The case of the unknown draft pick
"Tell me Watson," said Sherlock Holmes, putting down his pipe next to his deerstalker hat and copy of the NFL Encylopedia. "How come the Buccaneers seemed to have lost a draft pick back in their early days?"
Aside from the Arthur Conan Doyle impersonations, this really is a true story. I have been tying up every trade and draft pick in Buccaneer history, but this missing 10th rounder really had beaten me. I knew the Raiders had used it and we had sent it Oakland's way, but how and why we had it really had beaten me.
Scott Smith really did do wonders tracking this one down and probably opened a Pandora's box of queries on franchise history for himself too in doing so, but we got the answer all the same. Lon Boyett never played a down for the Bucs but appears on the all-time roster as he was active for at least one game in the 1978 season. But I had always believed he was merely released after the season ended.
Now we know. Ironically, Boyett never played for the Raiders either, but did appear in three games for the 49ers in 1978 without making a reception and then disappeared from the NFL for good.
Now to tell Scott about the four other trades that I have discovered the Buccaneers made in their early days that are not in the media guide either, and also the case of the missing 1980 4th round pick to San Diego and the 1981 5th rounder to Baltimore that I think I might have solved myself.
Watson sighed, put down his copy of "Rush to Judgement" by Simeon Rice, and realised that another mystery involving the personnel moves of the Tampa Bay Buccaneers was about to begin. "Which year and player this time Holmes?" he asked wearily.

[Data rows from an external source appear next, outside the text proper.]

Lemma not_leo_outside k (x y : T) p :
  proj1_sig x = p ++ [k] -> ~ prefix (proj1_sig x) (proj1_sig y) ->
  forall c, lt c k -> ~ leo lt T c x y.
Proof.
  destruct Hwo as [wf _]. revert x y p. induction (wf k) as [k _ IH].
  intros x y p Hx Hny c Hck Hl.
  destruct (leo_inv W lt T c x y Hl) as [<-|[Hc Hstep]].
  { apply Hny. exists []. now rewrite app_nil_r. }
  assert (Hxc : S_vertex lt alpha (proj1_sig x ++ [c])).
  { rewrite Hx, <- app_assoc.
    apply S_vertex_snoc; [rewrite <- Hx; apply (proj2_sig x)|assumption..]. }
  destruct (Hstep (exist _ _ Hxc)) as [y' [Hy' [c' [Hc' Hl']]]].
  { right; left; now exists c. }
  refine (IH c Hck (exist _ _ Hxc) y' (proj1_sig x) eq_refl _ c' Hc' Hl').
  intros [s Hs]. apply Hny. simpl in Hs. rewrite <- app_assoc in Hs.
  exact (cnbh_prefix y' y _ c s (cnbh_sym T y y' Hy') Hs).
Qed.

Lemma leo_root u : leo lt T alpha u root.
Proof.
  destruct (proj1_sig u) as [|j t] eqn:E.
  - rewrite (S_vertex_eq u root E). apply leo_refl, Hwo.
  - assert (Hj : lt j alpha \/ j = alpha)
      by (apply (proj2 (proj2 (proj2_sig u))); rewrite E; now left).
    pose proof (leo_descendant j root u t E) as H.
    destruct Hj as [Hj| ->]; [exact (leo_mono W lt Hwo T _ _ u root H Hj)|exact H].
Qed.
Lemma arclen_ext_dist (g h : R -> vec3) a b :
  (forall x y, dist3 (h x) (h y) = dist3 (g x) (g y)) -> arclen h a b = arclen g a b.
Proof.
  intros H; apply Lub_Rbar_eqset; intros v.
  split; intros [l [HS [Hl ->]]]; exists l; repeat split; auto;
    [| symmetry]; apply polylen_ext_dist; exact H.
Qed.

Lemma arclen_shift g a b c : arclen g (a + c) (b + c) = arclen (fun u => g (u + c)) a b.
Proof.
  apply Lub_Rbar_eqset; intros v; split; intros [l [HS [Hl ->]]].
  - exists (map (fun u => u - c) l); repeat split.
    + replace a with (a + c - c) at 1 by ring.
      apply (Sorted_map_in (fun _ => True) (fun u => u - c) (a + c :: l)); auto.
      * apply Forall_forall; auto.
      * intros; lra.
    + replace a with (a + c - c) at 1 by ring; rewrite (last_map (fun u => u - c)), Hl; ring.
    + symmetry; apply polylen_map; [apply Forall_forall; intros u _ |]; f_equal; ring.
  - exists (map (fun u => u + c) l); repeat split.
    + apply (Sorted_map_in (fun _ => True) (fun u => u + c) (a :: l)); auto.
      * apply Forall_forall; auto.
      * intros; lra.
    + rewrite (last_map (fun u => u + c)), Hl; reflexivity.
    + symmetry; apply polylen_map; [apply Forall_forall; intros u _ |]; reflexivity.
Qed.

Lemma inscribed_rev g a b c v :
  inscribed g a b v -> inscribed (fun u => g (c - u)) (c - b) (c - a) v.
Proof.
  intros [l [HS [Hl ->]]].
  set (F := rev (map (fun u => c - u) (a :: l))).
  assert (HSF : Sorted Rle F) by (apply Sorted_rev_map; [intros; lra | exact HS]).
  assert (HlenF : pathlen (fun u => g (c - u)) F = polylen g a l).
  { unfold F; rewrite pathlen_rev; apply (pathlen_map g _ _ (a :: l)); intros u; f_equal; ring. }
  assert (HF : F = (c - b) :: rev (map (fun u => c - u) (removelast (a :: l)))).
  { unfold F; rewrite (app_removelast_last a (l := a :: l)) at 1 by discriminate.
    rewrite map_app, rev_app_distr, last_cons, Hl; reflexivity. }
  rewrite HF in HSF, HlenF; exists (rev (map (fun u => c - u) (removelast (a :: l)))).
  repeat split; [exact HSF | | exact (eq_sym HlenF)].
  rewrite <- last_cons with (d := 0), <- HF; unfold F; simpl; rewrite last_last; reflexivity.
Qed.

Lemma arclen_rev g a b c : arclen g a b = arclen (fun u => g (c - u)) (c - b) (c - a).
Proof.
  apply Lub_Rbar_eqset; intros v; split; [apply inscribed_rev|].
  intros Hv; apply (inscribed_rev _ _ _ c) in Hv.
  replace (c - (c - a)) with a in Hv by ring; replace (c - (c - b)) with b in Hv by ring.
  replace (fun u => g (c - (c - u))) with g in Hv; [exact Hv|].
  apply functional_extensionality; intros u; f_equal; ring.
Qed.

Lemma arclen_nonexpansive_le h a b :
  nonexpansive h -> a <= b -> rectifiable h a b /\ arclenr h a b <= b - a.
Proof.
  intros Hh Hab; apply rectifiable_bounded; [exact Hab|].
  intros v [l [HS [Hl ->]]]; rewrite <- Hl; apply polylen_le_nonexpansive; assumption.
Qed.

Lemma arclen_reparam_ge g h phi a b :
  a <= b ->
  (forall x y, a <= x <= b -> a <= y <= b -> x <= y -> phi x <= phi y) ->
  (forall t, a <= t <= b -> h (phi t) = g t) ->
  rectifiable h (phi a) (phi b) ->
  rectifiable g a b /\ arclenr g a b <= arclenr h (phi a) (phi b).
Proof.
  intros Hab Hmono Hhg Hfin; apply rectifiable_bounded; [exact Hab|].
  intros v [l [HS [Hl ->]]]; destruct (Sorted_bounds a b l HS Hl) as [Hin _].
  apply inscribed_le_arclenr; [exact Hfin|]; exists (map phi l); repeat split.
  - apply (Sorted_map_in (fun x => a <= x <= b) phi (a :: l));
      [constructor; [lra | exact Hin] | exact Hmono | exact HS].
  - rewrite last_map, Hl; reflexivity.
  - symmetry; apply polylen_map; [| apply Hhg; lra].
    eapply Forall_impl; [|exact Hin]; exact Hhg.
Qed.

Definition continuous3_at (h : R -> vec3) (a : R) : Prop :=
  forall eps, 0 < eps ->
  exists del, 0 < del /\ forall u, Rabs (u - a) < del -> dist3 (h a) (h u) < eps.

Lemma continuity_pt_eps f t eps :
  continuity_pt f t -> 0 < eps ->
  exists del, 0 < del /\ forall u, Rabs (u - t) < del -> Rabs (f t - f u) < eps.
Proof.
  intros Hc Heps; destruct (Hc eps Heps) as [del [Hdel Hu]]; exists del; split; [exact Hdel|].
  intros u Hut; destruct (Req_dec u t) as [-> | Hne].
  - rewrite Rminus_diag, Rabs_R0; exact Heps.
  - rewrite Rabs_minus_sym; apply (Hu u); repeat split; auto.
Qed.

Lemma continuous3_continuous3_at g t : continuous3 g -> continuous3_at g t.
Proof.
  intros Hc eps Heps; destruct (Hc t) as [Cx [Cy Cz]].
  destruct (continuity_pt_eps _ _ (eps / 3) Cx ltac:(lra)) as [d1 [H1 K1]].
  destruct (continuity_pt_eps _ _ (eps / 3) Cy ltac:(lra)) as [d2 [H2 K2]].
  destruct (continuity_pt_eps _ _ (eps / 3) Cz ltac:(lra)) as [d3 [H3 K3]].
  exists (Rmin d1 (Rmin d2 d3)); split; [repeat apply Rmin_pos; assumption|].
  intros u Hu; pose proof (Rmin_l d1 (Rmin d2 d3)); pose proof (Rmin_r d1 (Rmin d2 d3));
    pose proof (Rmin_l d2 d3); pose proof (Rmin_r d2 d3).
  pose proof (K1 u ltac:(lra)); pose proof (K2 u ltac:(lra)); pose proof (K3 u ltac:(lra)).
  pose proof (dist3_le_abs_sum (g t) (g u)); lra.
Qed.

Lemma exists_gap a l :
  List.Forall (Rle a) l -> exists d, 0 < d /\ List.Forall (fun x => x = a \/ a + d <= x) l.
Proof.
  induction l as [|x r IH]; intros Hl; [exists 1; split; [lra | constructor]|].
  destruct (IH (Forall_inv_tail Hl)) as [d [Hd Hr]].
  destruct (Rle_lt_or_eq_dec a x (Forall_inv Hl)) as [Hlt | Heq].
  - exists (Rmin d (x - a)); split; [apply Rmin_pos; lra|].
    pose proof (Rmin_l d (x - a)); pose proof (Rmin_r d (x - a)).
    constructor; [right; lra|].
    eapply Forall_impl; [|exact Hr]; simpl; intros y [E | E]; [left | right; lra]; exact E.
  - exists d; split; [exact Hd|]; constructor; [left; auto | exact Hr].
Qed.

"1978, Watson. The Bucs traded a 10th and 11th round pick to the Steelers for a nose tackle named Ernie Holmes. But they used their own 10th round pick on Aaron Brown, a linebacker from Ohio State, so where did the other 10th rounder come from?"
"I'll check the Buccaneers' media guide" replied Watson, hoping for a quick answer and a chance to return to his own book. He thumbed the pages and a frown appeared beneath his moustache. "That's odd" he commented. "There is nothing in the trade history for this pick except that the Bucs gave it up. Nothing at all for how it was obtained."
"Only one thing for it" said Holmes, Sherlock that is, not Ernie. "We'll have to call Inspector L'Estrange of New Scotland Yard, aka Scott Smith of the Buccaneers. He's been around since the days when this website was just a monthly printed magazine. I'm sure he can help."
A day later, and the famous detective couple were back ensconced in their favourite armchairs and a waft of pipe tobacco smoke obscured the screen and the umpteenth showing of SuperBowl XXXVII. "Marvellous work from L'Estrange wasn't it?" commented Watson.
"Elementary" said Sherlock Holmes. "L'Estrange discovered that buried in the deepest archives of the Yard, the Buccaneers had actually traded a long-forgotten tight end named Lon Boyett to the Raiders for an undisclosed draft pick. Simple deduction tells us it must have been the missing 10th rounder."
"Ironic though isn't it" said Watson. "That Boyett never actually played a game for the Buccaneers or Raiders, and Ernie Holmes was cut in camp in 1978 without playing a game either?"
"Sometimes that's how it is in the detective world," replied Holmes, taking another drag on his pipe. "But it's the investigation that is important, not the impact the result might have."